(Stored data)
##########
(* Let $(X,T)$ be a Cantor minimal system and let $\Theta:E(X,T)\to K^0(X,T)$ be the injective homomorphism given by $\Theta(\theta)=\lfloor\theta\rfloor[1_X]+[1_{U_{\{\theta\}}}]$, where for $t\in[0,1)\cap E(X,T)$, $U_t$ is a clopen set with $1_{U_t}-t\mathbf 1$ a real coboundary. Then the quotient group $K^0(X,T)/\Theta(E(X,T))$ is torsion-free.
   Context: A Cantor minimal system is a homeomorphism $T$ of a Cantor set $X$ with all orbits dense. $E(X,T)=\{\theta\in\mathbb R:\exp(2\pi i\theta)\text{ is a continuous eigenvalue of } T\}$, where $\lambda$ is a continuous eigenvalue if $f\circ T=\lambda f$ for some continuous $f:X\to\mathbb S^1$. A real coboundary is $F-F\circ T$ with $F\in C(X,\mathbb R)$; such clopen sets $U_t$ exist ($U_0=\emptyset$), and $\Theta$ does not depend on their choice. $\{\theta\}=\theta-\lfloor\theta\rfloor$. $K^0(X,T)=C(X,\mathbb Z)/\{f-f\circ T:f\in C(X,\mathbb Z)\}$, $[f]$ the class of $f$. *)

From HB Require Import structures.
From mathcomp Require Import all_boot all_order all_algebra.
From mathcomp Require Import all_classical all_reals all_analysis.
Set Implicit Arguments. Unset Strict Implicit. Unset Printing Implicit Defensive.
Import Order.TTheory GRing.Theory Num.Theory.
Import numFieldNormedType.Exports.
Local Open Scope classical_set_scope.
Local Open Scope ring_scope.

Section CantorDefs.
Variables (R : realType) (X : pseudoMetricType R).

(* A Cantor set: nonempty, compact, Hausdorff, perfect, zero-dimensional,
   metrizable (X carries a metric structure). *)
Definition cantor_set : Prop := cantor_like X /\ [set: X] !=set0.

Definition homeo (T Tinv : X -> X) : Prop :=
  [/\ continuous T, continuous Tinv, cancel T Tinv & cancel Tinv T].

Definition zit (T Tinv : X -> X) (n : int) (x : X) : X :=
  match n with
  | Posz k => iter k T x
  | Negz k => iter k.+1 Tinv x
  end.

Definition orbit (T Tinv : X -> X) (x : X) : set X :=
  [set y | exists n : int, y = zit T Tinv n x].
##########
Exercise instructions
Your answer should be exactly the lines of the data above, from the first through the line containing "Local Open Scope classical_set_scope.".

Your response
(* Let $(X,T)$ be a Cantor minimal system and let $\Theta:E(X,T)\to K^0(X,T)$ be the injective homomorphism given by $\Theta(\theta)=\lfloor\theta\rfloor[1_X]+[1_{U_{\{\theta\}}}]$, where for $t\in[0,1)\cap E(X,T)$, $U_t$ is a clopen set with $1_{U_t}-t\mathbf 1$ a real coboundary. Then the quotient group $K^0(X,T)/\Theta(E(X,T))$ is torsion-free.
   Context: A Cantor minimal system is a homeomorphism $T$ of a Cantor set $X$ with all orbits dense. $E(X,T)=\{\theta\in\mathbb R:\exp(2\pi i\theta)\text{ is a continuous eigenvalue of } T\}$, where $\lambda$ is a continuous eigenvalue if $f\circ T=\lambda f$ for some continuous $f:X\to\mathbb S^1$. A real coboundary is $F-F\circ T$ with $F\in C(X,\mathbb R)$; such clopen sets $U_t$ exist ($U_0=\emptyset$), and $\Theta$ does not depend on their choice. $\{\theta\}=\theta-\lfloor\theta\rfloor$. $K^0(X,T)=C(X,\mathbb Z)/\{f-f\circ T:f\in C(X,\mathbb Z)\}$, $[f]$ the class of $f$. *)

From HB Require Import structures.
From mathcomp Require Import all_boot all_order all_algebra.
From mathcomp Require Import all_classical all_reals all_analysis.
Set Implicit Arguments. Unset Strict Implicit. Unset Printing Implicit Defensive.
Import Order.TTheory GRing.Theory Num.Theory.
Import numFieldNormedType.Exports.
Local Open Scope classical_set_scope.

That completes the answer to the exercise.